- Data provided:
-*-

(* Let $p>11$ be prime, $q=p^h$, and let $\mathcal{F}: aX^n+bY^n=Z^n$ with $a,b\in\mathbb{F}_q$, $ab\neq0$, $n>3$, be an irreducible Fermat curve over $\mathbb{F}_q$. Suppose $n=\frac{3(p^h-1)}{p^r-1}$ for a positive integer $r$ and $a,b\in\mathbb{F}_{p^r}$. Let $\mathcal{C}$ be the curve $aX^3+bY^3=Z^3$ over $\mathbb{F}_{p^r}$ and $k:=\#\{(x_0:x_1:x_2)\in\mathcal{C}(\mathbb{F}_{p^r}) : x_0x_1x_2=0\}$. (1) If $p^r\equiv1\pmod 3$, then $N_q(\mathcal{F})=\frac{n^2}{9}\big(N_{p^r}(\mathcal{C})-k\big)+\frac{nk}{3}$. (2) If $p^r\not\equiv1\pmod3$, then $N_q(\mathcal{F})=\frac{n^2}{9}(p^r-2)+n$.
   Context: $N_{Q}(\mathcal{X})$ denotes the number of $\mathbb{F}_{Q}$-rational points of a projective curve $\mathcal{X}$, and $\mathcal{X}(\mathbb{F}_Q)$ the set of such points. *)

From mathcomp Require Import all_boot all_order all_algebra all_field.
Set Implicit Arguments. Unset Strict Implicit. Unset Printing Implicit Defensive.
Import GRing.Theory.
Local Open Scope ring_scope.

(* A triple (x,y,z) is the normalized representative of a point of P^2:
   its first nonzero coordinate equals 1 (so (0,0,0) is excluded). *)
Definition normalized (F : fieldType) (t : F * F * F) : bool :=
  let: (x, y, z) := t in
  if x != 0 then x == 1 else if y != 0 then y == 1 else z == 1.

Definition fermat_eq (F : fieldType) (n : nat) (a b : F) (t : F * F * F) : bool :=
  let: (x, y, z) := t in a * x ^+ n + b * y ^+ n == z ^+ n.
Lemma biconnected_cycle x w : path adj x w -> last x w = x -> uniq w ->
  biconnected [set y in w].
Proof.
move=> xw wx uw; apply/andP; split.
  case: w xw {wx uw} => [|y w] /=; first by move=> _; apply: connected_on_nil.
  by case/andP => _; apply: connected_on_path.
apply/forall_inP => v; rewrite inE => vw; case/splitPr: vw xw wx uw => w1 w2 xw wx uw.
have -> : [set y in w1 ++ v :: w2] :\ v = [set y in w2 ++ w1].
  move: uw; rewrite cat_uniq /= => /and4P[_ /norP[vw1 _] vw2 _].
  apply/setP => z; rewrite !inE !mem_cat inE orbC.
  by case: (eqVneq z v) => [->|]; rewrite ?(negbTE vw1) ?(negbTE vw2).
move: xw wx; rewrite cat_path last_cat => /andP[xw1 /= /andP[_ vw2]].
case: w2 vw2 {uw} => [|z w2] /= => [_ v_x|/andP[_ zw2] w2x].
  case: w1 xw1 {v_x} => [|y w1] /=; first by move=> _; apply: connected_on_nil.
  by case/andP => _; apply: connected_on_path.
by apply: connected_on_path; rewrite cat_path zw2 w2x.
Qed.

Definition bond (S : {set V}) : Prop :=
  cut S != set0 /\
  forall T, cut T \subset cut S -> cut T != set0 -> cut T = cut S.

Lemma bondC S : bond S -> bond (~: S).
Proof. by rewrite /bond cutC. Qed.

Lemma component_sub (S : {set V}) x : x \in S -> component (iedges S) x \subset S.
Proof.
move=> xS; apply/subsetP => z; rewrite inE.
by apply: connect_cut_closed (iedges_edges S) _ xS => A; apply: iedges_cut.
Qed.

Lemma cut_component_sub (S : {set V}) x : x \in S ->
  cut (component (iedges S) x) \subset cut S.
Proof.
move=> xS; apply/subsetP => A AK; have [u [w [uK wK uw eA]]] := cut_ends AK.
have uS := subsetP (component_sub xS) _ uK.
rewrite eA cut2 // uS /=; apply: contraTN AK => wS.
by rewrite eA component_cut ?iedges_edges // iedges2 // uS wS.
Qed.

Lemma bond_connected_on (S : {set V}) :
  connected_graph adj -> bond S -> connected_on S (iedges S).
Proof.
move=> connG [/set0Pn [e eS] minS]; have [s [t [sS tS st ee]]] := cut_ends eS.
apply: (connected_on_hub (h := s)) => a aS; rewrite connect_edge_relC.
pose K := component (iedges S) a.
have tK : t \notin K by apply: contra tS; apply/subsetP/component_sub.
have K0 : cut K != set0.
  apply: contraNneq tK => K0; apply: (connect_cut_closed (subxx _) _ (component_id _ a)).
    by move=> A _; rewrite K0 inE.
  by move/forall_inP: connG => /(_ a (in_setT a))/forall_inP/(_ t (in_setT t)).
have := eS; rewrite ee -(minS K (cut_component_sub aS) K0) cut2 //.
by rewrite (negbTE tK) addbF inE.
Qed.

Lemma cycle_through (S : {set V}) e1 e :
  connected_on S (iedges S) -> connected_on (~: S) (iedges (~: S)) ->
  e1 \in cut S -> e \in cut S ->
  exists W D, [/\ biconnected W, e1 \subset W, cut_even D, D \subset iedges W &
    {in cut S, forall f, (f \in D) = (f == e1) (+) (f == e)}].
Proof.
move=> cS cC e1S eS.
have [s1 [t1 [s1S t1S st1 ->]]] := cut_ends e1S.
have [s [t [sS tS st ->]]] := cut_ends eS.
have t1C : t1 \in ~: S by rewrite inE.
have tC : t \in ~: S by rewrite inE.
have : connect (edge_rel (iedges S)) s1 s.
  by move/forall_inP: cS => /(_ s1 s1S)/forall_inP/(_ s sS).
case/connectP => p0 /shortenP [p Sp up _] ps {p0}.
have : connect (edge_rel (iedges (~: S))) t t1.
  by move/forall_inP: cC => /(_ t tC)/forall_inP/(_ t1 t1C).
case/connectP => q0 /shortenP [q Cq uq _] qt1 {q0}.
have /andP[s1p /allP pS] := path_iedges Sp s1S.
have /andP[tq /allP qC] := path_iedges Cq tC.
have pS' z : z \in s1 :: p -> z \in S by rewrite in_cons => /predU1P [->|/pS].
have qC' z : z \in t :: q -> z \notin S.
  by rewrite in_cons => /predU1P [->|/qC]; rewrite ?inE.
pose w := rcons (p ++ t :: q) s1.
have s1w : path adj s1 w.
  by rewrite rcons_path cat_path s1p -ps /= st tq last_cat /= -qt1 adjC st1.
have ws1 : last s1 w = s1 by rewrite last_rcons.
have uw : uniq w.
  rewrite /w -rot1_cons rot_uniq -cat_cons cat_uniq up uq andbT.
  by apply/hasPn => z zq; apply: contra (pS' z) (qC' z zq).
exists [set y in w], (walk_edges s1 w); split.
- exact: biconnected_cycle s1w ws1 uw.
- rewrite subUset !sub1set !inE /w !mem_rcons mem_head /= in_cons mem_cat qt1.
  by rewrite (mem_last t q) !orbT.
- exact: walk_edges_cut_even.
- apply: walk_edges_sub => //; first by rewrite inE mem_rcons mem_head.
  by move=> z; rewrite inE.
move=> f fS; rewrite /w rcons_cat walk_edges_cat -ps /= -cats1 walk_edges_cat -qt1 /=.
rewrite !in_symdiff !in_set1 in_set0 addbF.
have fp : f \notin walk_edges s1 p.
  apply: contraTN fS => fp; apply: iedges_cut.
  exact: subsetP (walk_edges_sub s1p s1S pS) _ fp.
have fq : f \notin walk_edges t q.
  apply: contraTN fS => fq; rewrite -cutC; apply: iedges_cut.
  exact: subsetP (walk_edges_sub tq tC qC) _ fq.
by rewrite (negbTE fp) (negbTE fq) /= [[set t1; s1]]setUC addbC.
Qed.

Section CycleSpace.
Variables (B : {set V}) (T P : {set {set V}}) (D : {set V} -> {set {set V}}).
Hypothesis treeT : spanning_tree adj B T.
Hypothesis evenD : {in P, forall f, cut_even (D f)}.
Hypothesis subD : {in P, forall f, D f \subset iedges B}.
Hypothesis memD : {in P &, forall e f, (e \in D f) = (e == f)}.

Definition cycle_sum (J : {set {set V}}) : {set {set V}} :=
  [set A | odd #|[set f | A \in D f] :&: J|].

Lemma mem_cycle_sum_big (J : {set {set V}}) A :
  (A \in cycle_sum J) = \big[addb/false]_(f in J) (A \in D f).
Proof. by rewrite inE odd_card_setI; apply: eq_bigr => f _; rewrite inE. Qed.

Lemma mem_cycle_sum (J : {set {set V}}) e :
  J \subset P -> e \in P -> (e \in cycle_sum J) = (e \in J).
Proof.
move=> sJP eP; rewrite mem_cycle_sum_big; case: (boolP (e \in J)) => eJ.
  rewrite (bigD1 e) //= memD // eqxx big1 // => f /andP[fJ fe].
  by rewrite (memD eP (subsetP sJP _ fJ)) eq_sym (negbTE fe).
rewrite big1 ?(negbTE eJ) // => f fJ.
by rewrite (memD eP (subsetP sJP _ fJ)); apply: contraNF eJ => /eqP ->.
Qed.

Lemma cycle_sum_even (J : {set {set V}}) : J \subset P -> cut_even (cycle_sum J).
Proof.
move=> sJP U; rewrite odd_card_setI.
rewrite (eq_bigr (fun A => \big[addb/false]_(f in J) (A \in D f))); last first.
  by move=> A _; rewrite mem_cycle_sum_big.
rewrite exchange_big big1 // => f fJ; rewrite -odd_card_setI.
exact/negbTE/evenD/(subsetP sJP).
Qed.

Lemma cycle_sum_sub (J : {set {set V}}) : J \subset P -> cycle_sum J \subset iedges B.
Proof.
move=> sJP; apply/subsetP => A; rewrite inE => /odd_gt0.
rewrite card_gt0 => /set0Pn [f]; rewrite in_setI inE => /andP[Af fJ].
exact: subsetP (subD (subsetP sJP _ fJ)) _ Af.
Qed.

Lemma cycle_sum_inj (J J' : {set {set V}}) : J \subset P -> J' \subset P ->
  cycle_sum J :&: (iedges B :\: T) = cycle_sum J' :&: (iedges B :\: T) -> J = J'.
Proof.
move=> sJP sJ'P eqN.
have sum0 : symdiff (cycle_sum J) (cycle_sum J') = set0.
  apply: (spanning_tree_cut_even treeT).
    2: exact: cut_even_symdiff (cycle_sum_even sJP) (cycle_sum_even sJ'P).
  apply/subsetP => A; apply: contraTT => AT; rewrite in_symdiff.
  have [AB|nAB] := boolP (A \in iedges B).
    have /setP/(_ A) := eqN; rewrite !in_setI in_setD AT AB /= !andbT => ->.
    by rewrite addbb.
  by rewrite (contraNF (subsetP (cycle_sum_sub sJP) A) nAB)
             (contraNF (subsetP (cycle_sum_sub sJ'P) A) nAB).
apply/setP => e; case: (boolP (e \in P)) => eP; last first.
  by apply/idP/idP => [/(subsetP sJP)|/(subsetP sJ'P)]; rewrite (negbTE eP).
have /setP/(_ e) := sum0; rewrite in_symdiff !mem_cycle_sum // inE.
by case: (e \in J); case: (e \in J').
Qed.

Lemma card_le_nonforest : #|P| <= #|iedges B :\: T|.
Proof.
pose g J := cycle_sum J :&: (iedges B :\: T).
have ginj : {in powerset P &, injective g}.
  by move=> J J'; rewrite !powersetE; apply: cycle_sum_inj.
have : #|g @: powerset P| <= #|powerset (iedges B :\: T)|.
  by apply/subset_leq_card/subsetP => _ /imsetP[J _ ->]; rewrite powersetE subsetIr.
by rewrite card_in_imset // !card_powerset leq_exp2l.
Qed.

End CycleSpace.

Lemma bond_card_le k (S : {set V}) : almost_tree adj k -> bond S -> #|cut S| <= k.+1.
Proof.
move=> [connG treeG] bS; have [/set0Pn [e1 e1S] _] := bS.
have cS := bond_connected_on connG bS.
have cC := bond_connected_on connG (bondC bS).
have /fin_all_exists [WD WDP] : forall f, exists WD : {set V} * {set {set V}},
    f \in cut S -> [/\ biconnected WD.1, e1 \subset WD.1, cut_even WD.2,
      WD.2 \subset iedges WD.1 &
      {in cut S, forall f', (f' \in WD.2) = (f' == e1) (+) (f' == f)}].
  move=> f; case: (boolP (f \in cut S)) => fS; last by exists (set0, set0).
  by have [W [D cycleWD]] := cycle_through cS cC e1S fS; exists (W, D).
pose P := cut S :\ e1; pose B0 := \bigcup_(f in P) (WD f).1.
have [s1 [t1 [_ _ st1 ee1]]] := cut_ends e1S.
have bB0 : biconnected B0.
  apply: (biconnected_bigcup (adj_neq st1)) => f /setD1P [_ fS].
  by have [bW + _ _ _] := WDP f fS; rewrite ee1 subUset !sub1set bW.
have [B blockB sB0B] := maxset_exists bB0.
have [T [treeT nT]] := treeG B blockB.
suff : #|P| <= k by rewrite (cardsD1 e1 (cut S)) e1S.
apply: leq_trans nT; apply: (card_le_nonforest (D := fun f => (WD f).2) treeT).
- by move=> f /setD1P [_ fS]; case: (WDP f fS).
- move=> f fP; have /setD1P [_ fS] := fP; have [_ _ _ sD _] := WDP f fS.
  exact: subset_trans sD (iedgesS (subset_trans (bigcup_sup _ fP) sB0B)).
- move=> e f /setD1P [ee1' eS] /setD1P [_ fS].
  by have [_ _ _ _ ->] := WDP f fS; rewrite // (negbTE ee1').
Qed.

Section CutPolytope.
Variable R : realType.
Local Open Scope ring_scope.
Local Notation cutvec := (cutvec adj R).

Lemma cutvec_in_CUT Z : in_CUT adj (cutvec Z).
Proof.
exists (fun S => if S == Z then 1 else 0); split; [|split].
- by move=> S; case: (S == Z).
- by rewrite -big_mkcond big_pred1_eq.
- move=> A _ /=; rewrite (bigD1 Z) //= eqxx mul1r big1 ?addr0 // => S /negbTE ->.
  by rewrite mul0r.
Qed.

(* The midpoint of [v(X), v(Y)] is also the midpoint of [v(X△Z), v(Y△Z)]; since it lies on
   the face, so do both of these cut vectors. *)
Lemma cut_adjacent_swap X Y Z : cut_adjacent adj R X Y ->
  cut Z \subset cut (symdiff X Y) -> in_segment adj X Y (cutvec (symdiff X Z)).
Proof.
move=> [_ [c [d [valid face]]]] sZ.
pose m A := (1 - 2^-1) * cutvec X A + 2^-1 * cutvec Y A.
have [_ dm] : in_CUT adj m /\ dotE adj c m = d.
  apply/face; exists 2^-1; split => //; apply/andP; split; first by rewrite invr_ge0.
  by rewrite invf_le1 // ler1n.
have midE A : A \in edges ->
    cutvec X A + cutvec Y A = cutvec (symdiff X Z) A + cutvec (symdiff Y Z) A.
  move=> AE; have := subsetP sZ A; rewrite /cutvec !cut_symdiff //.
  by case: (A \in cut X); case: (A \in cut Y); case: (A \in cut Z) => //= h;
    rewrite ?addr0 ?add0r //; move/(_ isT): h.
have dmE : 2 * dotE adj c m =
    dotE adj c (cutvec (symdiff X Z)) + dotE adj c (cutvec (symdiff Y Z)).
  rewrite /dotE -big_split mulr_sumr; apply: eq_bigr => A AE /=.
  by rewrite -mulrDr -midE // /m; field.
have leX := valid _ (cutvec_in_CUT (symdiff X Z)).
have leY := valid _ (cutvec_in_CUT (symdiff Y Z)).
apply/face; split; first exact: cutvec_in_CUT.
by rewrite dm in dmE; lra.
Qed.

Lemma cut_adjacent_bond X Y : cut_adjacent adj R X Y -> bond (symdiff X Y).
Proof.
move=> adjXY; split.
  case: adjXY => cXY _; apply: contra cXY => /eqP cXY0; apply/eqP/setP => A.
  case: (boolP (A \in edges)) => [AE|nAE]; last first.
    by apply/idP/idP => /cut_edges; rewrite (negbTE nAE).
  by have := cut_symdiff X Y AE; rewrite cXY0 inE; do 2!case: (_ \in cut _).
move=> Z sZ /set0Pn [A1 A1Z]; apply/eqP; rewrite eqEsubset sZ /=.
apply/subsetP => A2 A2S; apply: contraT => A2Z.
have [t [_ segm]] := cut_adjacent_swap adjXY sZ.
have A1S := subsetP sZ _ A1Z.
have A1E := cut_edges A1Z; have A2E := cut_edges A2S.
have := segm _ A1E; have := segm _ A2E.
move: A1S A2S A1Z A2Z; rewrite /cutvec !cut_symdiff //.
by do 2!case: (_ \in cut X); do 2!case: (_ \in cut Y); do 2!case: (_ \in cut Z);
  move=> //= *; lra.
Qed.

End CutPolytope.

End Graph.

Theorem lemma2 (V : finType) (adj : rel V) (R : realType) (X Y : {set V}) :
  simple_graph adj -> almost_tree adj 2 ->
  cut_adjacent adj R X Y ->
  (#|cut adj (symdiff X Y)| <= 3)%N.
Proof.
move=> [adjC adj_irr] treeG adjXY.
exact: (bond_card_le adjC adj_irr treeG (cut_adjacent_bond adjC adj_irr adjXY)).
Qed.
(* Let $\mathcal F\subset 2^{[n]}$, let $i\in[n]$, and let $\mathcal G=S_i(\mathcal F)$. Then for every positive integer $r$, $$\max\{|W(F_1,\ldots,F_r)|: F_1,\ldots,F_r\in\mathcal F\}\ \ge\ \max\{|W(G_1,\ldots,G_r)|: G_1,\ldots,G_r\in\mathcal G\}.$$
   Context: For sets $A_1,\ldots,A_r\subset[n]$, $W(A_1,\ldots,A_r)=(A_1\cup\cdots\cup A_r)\setminus(A_1\cap\cdots\cap A_r)$. For $\mathcal F\subset 2^{[n]}$ and $i\in[n]$, let $\mathcal F(i)=\{F\setminus\{i\}: i\in F\in\mathcal F\}$ and $\mathcal F(\bar i)=\{F\in\mathcal F: i\notin F\}$, both subfamilies of $2^{[n]\setminus\{i\}}$; a family $\mathcal G\subset 2^{[n]}$ is uniquely determined by $\mathcal G(i)$ and $\mathcal G(\bar i)$. The squashed family $S_i(\mathcal F)$ is the unique family $\mathcal G\subset 2^{[n]}$ with $\mathcal G(i)=\mathcal F(i)\cap\mathcal F(\bar i)$ and $\mathcal G(\bar i)=\mathcal F(i)\cup\mathcal F(\bar i)$. In the maxima the $r$ sets need not be distinct. *)

From mathcomp Require Import all_boot.
Set Implicit Arguments. Unset Strict Implicit. Unset Printing Implicit Defensive.

Definition W (n r : nat) (A : {ffun 'I_r -> {set 'I_n}}) : {set 'I_n} :=
  (\bigcup_(j < r) A j) :\: (\bigcap_(j < r) A j).

Definition sec_in (n : nat) (F : {set {set 'I_n}}) (i : 'I_n) : {set {set 'I_n}} :=
  [set A :\ i | A in F & i \in A].

Definition sec_out (n : nat) (F : {set {set 'I_n}}) (i : 'I_n) : {set {set 'I_n}} :=
  [set A in F | i \notin A].

Definition squash (n : nat) (i : 'I_n) (F : {set {set 'I_n}}) : {set {set 'I_n}} :=
  [set A : {set 'I_n} |
    if i \in A then (A :\ i) \in sec_in F i :&: sec_out F i
    else A \in sec_in F i :|: sec_out F i].

(* max{ |W(F_1..F_r)| : F_1..F_r in F } (0 if F is empty) *)
Definition maxW (n r : nat) (F : {set {set 'I_n}}) : nat :=
  \max_(A : {ffun 'I_r -> {set 'I_n}} | [forall j, A j \in F]) #|W A|.

From mathcomp Require Import all_boot.

Set Implicit Arguments.
Unset Strict Implicit.
Unset Printing Implicit Defensive.

(* W(A) \ {i} only depends on the traces A_j \ {i}, and every member G of
   S_i(F) has such a trace in F: G itself or G + i.  Replacing each G_j by a
   member of F with the same trace therefore preserves W(G) \ {i}.  If i lies
   in W(G), some G_a contains i, and then both G_a and G_a - i are in F; one
   of them can be chosen to disagree on i with another replacement, which
   keeps i in W. *)

Lemma in_W n r (A : {ffun 'I_r -> {set 'I_n}}) x :
  (x \in W A) = [exists j, x \in A j] && [exists j, x \notin A j].
Proof.
rewrite /W inE andbC -negb_forall; congr (_ && ~~ _).
- by apply/bigcupP/existsP => [[j _ xA]|[j xA]]; exists j.
- by apply/bigcapP/forallP => xA j //; apply: xA.
Qed.

Lemma W_setD1 n r (A B : {ffun 'I_r -> {set 'I_n}}) i :
  (forall j, A j :\ i = B j :\ i) -> W A :\ i = W B :\ i.
Proof.
move=> eqAB; apply/setP => x; rewrite !in_setD1; have [//|/= xi] := eqVneq x i.
have eqx j : (x \in A j) = (x \in B j).
  by move/setP/(_ x): (eqAB j); rewrite !in_setD1 xi.
by rewrite !in_W (eq_existsb eqx) (eq_existsb (fun j => congr1 negb (eqx j))).
Qed.

Lemma card_W_le n r (A B : {ffun 'I_r -> {set 'I_n}}) i :
  W A :\ i = W B :\ i -> (i \in W A -> i \in W B) -> #|W A| <= #|W B|.
Proof.
move=> eqAB iAB; rewrite (cardsD1 i (W A)) (cardsD1 i (W B)) eqAB leq_add2r.
by case: (i \in W A) iAB => // ->.
Qed.

Lemma leq_maxW n r (F : {set {set 'I_n}}) (A : {ffun 'I_r -> {set 'I_n}}) :
  (forall j, A j \in F) -> #|W A| <= maxW r F.
Proof. by move=> AF; apply: leq_bigmax_cond; apply/forallP. Qed.

Section Squash.

Variables (n : nat) (F : {set {set 'I_n}}) (i : 'I_n).

Lemma mem_sec_in B : (B \in sec_in F i) = (i \notin B) && (i |: B \in F).
Proof.
apply/imsetP/andP => [[A]|[iB iBF]].
  by rewrite inE => /andP [AF iA] ->; rewrite setD11 setD1K.
exists (i |: B); last by rewrite setU1K.
by rewrite inE iBF setU11.
Qed.

Lemma squash_mem_both A : A \in squash i F -> i \in A -> A \in F /\ A :\ i \in F.
Proof.
rewrite inE => + iA; rewrite iA !inE mem_sec_in setD1K // => /andP [/andP [_ AF]].
by case/andP.
Qed.

Lemma squash_trace A : A \in squash i F -> exists2 B, B \in F & B :\ i = A :\ i.
Proof.
case: (boolP (i \in A)) => [iA /squash_mem_both/(_ iA) [AF _]|iA]; first by exists A.
rewrite inE (negbTE iA) !inE mem_sec_in iA andbT => /orP [iAF|AF]; last by exists A.
by exists (i |: A); rewrite // setDUl setDv set0U.
Qed.

Variables (r : nat) (G : {ffun 'I_r -> {set 'I_n}}).
Hypothesis G_squash : forall j, G j \in squash i F.

Lemma squash_traces :
  exists2 c : {ffun 'I_r -> {set 'I_n}}, forall j, c j \in F & forall j, c j :\ i = G j :\ i.
Proof.
have /fin_all_exists [c cP] j : exists A, A \in F /\ A :\ i = G j :\ i.
  by have [A AF trA] := squash_trace (G_squash j); exists A.
by exists [ffun j => c j] => j; rewrite ffunE; case: (cP j).
Qed.

Lemma squash_lift_W :
  exists c : {ffun 'I_r -> {set 'I_n}},
    [/\ forall j, c j \in F, W c :\ i = W G :\ i & i \in W G -> i \in W c].
Proof.
have [c cF trc] := squash_traces.
have [iWG|_] := boolP (i \in W G); last by exists c; split=> //; apply: W_setD1.
move: iWG; rewrite in_W => /andP [/existsP [a iGa] /existsP [b iGb]].
have [GaF GaiF] := squash_mem_both (G_squash a) iGa.
have ba : b != a by apply: contraNneq iGb => ->.
pose d := [ffun j => if j == a then (if i \in c b then G a :\ i else G a) else c j].
have db : d b = c b by rewrite ffunE (negbTE ba).
have da : d a = if i \in c b then G a :\ i else G a by rewrite ffunE eqxx.
exists d; split.
- move=> j; rewrite ffunE; case: eqP => _ //; by case: ifP.
- apply: W_setD1 => j; rewrite ffunE; case: eqP => [->|_]; last exact: trc.
  by case: ifP => _; rewrite // setDDl setUid.
- move=> _; rewrite in_W; apply/andP.
  have [icb|icb] := boolP (i \in c b); split; apply/existsP.
  + by exists b; rewrite db.
  + by exists a; rewrite da icb setD11.
  + by exists a; rewrite da (negbTE icb).
  + by exists b; rewrite db.
Qed.

End Squash.

Theorem lemma1 (n : nat) (F : {set {set 'I_n}}) (i : 'I_n) (r : nat) :
  0 < r -> maxW r (squash i F) <= maxW r F.
Proof.
move=> _; apply/bigmax_leqP => G /forallP G_squash.
have [c [cF trW iW]] := squash_lift_W G_squash.
exact: leq_trans (card_W_le (esym trW) iW) (leq_maxW cF).
Qed.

-*-

- About this task: Above are the records; repeat exactly the lines from the one holding "apply: (connected_on_hub (h" down to the one holding "by rewrite (mem_last t q) !orbT.", end lines included.

- Result of this exercise:
apply: (connected_on_hub (h := s)) => a aS; rewrite connect_edge_relC.
pose K := component (iedges S) a.
have tK : t \notin K by apply: contra tS; apply/subsetP/component_sub.
have K0 : cut K != set0.
  apply: contraNneq tK => K0; apply: (connect_cut_closed (subxx _) _ (component_id _ a)).
    by move=> A _; rewrite K0 inE.
  by move/forall_inP: connG => /(_ a (in_setT a))/forall_inP/(_ t (in_setT t)).
have := eS; rewrite ee -(minS K (cut_component_sub aS) K0) cut2 //.
by rewrite (negbTE tK) addbF inE.
Qed.

Lemma cycle_through (S : {set V}) e1 e :
  connected_on S (iedges S) -> connected_on (~: S) (iedges (~: S)) ->
  e1 \in cut S -> e \in cut S ->
  exists W D, [/\ biconnected W, e1 \subset W, cut_even D, D \subset iedges W &
    {in cut S, forall f, (f \in D) = (f == e1) (+) (f == e)}].
Proof.
move=> cS cC e1S eS.
have [s1 [t1 [s1S t1S st1 ->]]] := cut_ends e1S.
have [s [t [sS tS st ->]]] := cut_ends eS.
have t1C : t1 \in ~: S by rewrite inE.
have tC : t \in ~: S by rewrite inE.
have : connect (edge_rel (iedges S)) s1 s.
  by move/forall_inP: cS => /(_ s1 s1S)/forall_inP/(_ s sS).
case/connectP => p0 /shortenP [p Sp up _] ps {p0}.
have : connect (edge_rel (iedges (~: S))) t t1.
  by move/forall_inP: cC => /(_ t tC)/forall_inP/(_ t1 t1C).
case/connectP => q0 /shortenP [q Cq uq _] qt1 {q0}.
have /andP[s1p /allP pS] := path_iedges Sp s1S.
have /andP[tq /allP qC] := path_iedges Cq tC.
have pS' z : z \in s1 :: p -> z \in S by rewrite in_cons => /predU1P [->|/pS].
have qC' z : z \in t :: q -> z \notin S.
  by rewrite in_cons => /predU1P [->|/qC]; rewrite ?inE.
pose w := rcons (p ++ t :: q) s1.
have s1w : path adj s1 w.
  by rewrite rcons_path cat_path s1p -ps /= st tq last_cat /= -qt1 adjC st1.
have ws1 : last s1 w = s1 by rewrite last_rcons.
have uw : uniq w.
  rewrite /w -rot1_cons rot_uniq -cat_cons cat_uniq up uq andbT.
  by apply/hasPn => z zq; apply: contra (pS' z) (qC' z zq).
exists [set y in w], (walk_edges s1 w); split.
- exact: biconnected_cycle s1w ws1 uw.
- rewrite subUset !sub1set !inE /w !mem_rcons mem_head /= in_cons mem_cat qt1.
  by rewrite (mem_last t q) !orbT.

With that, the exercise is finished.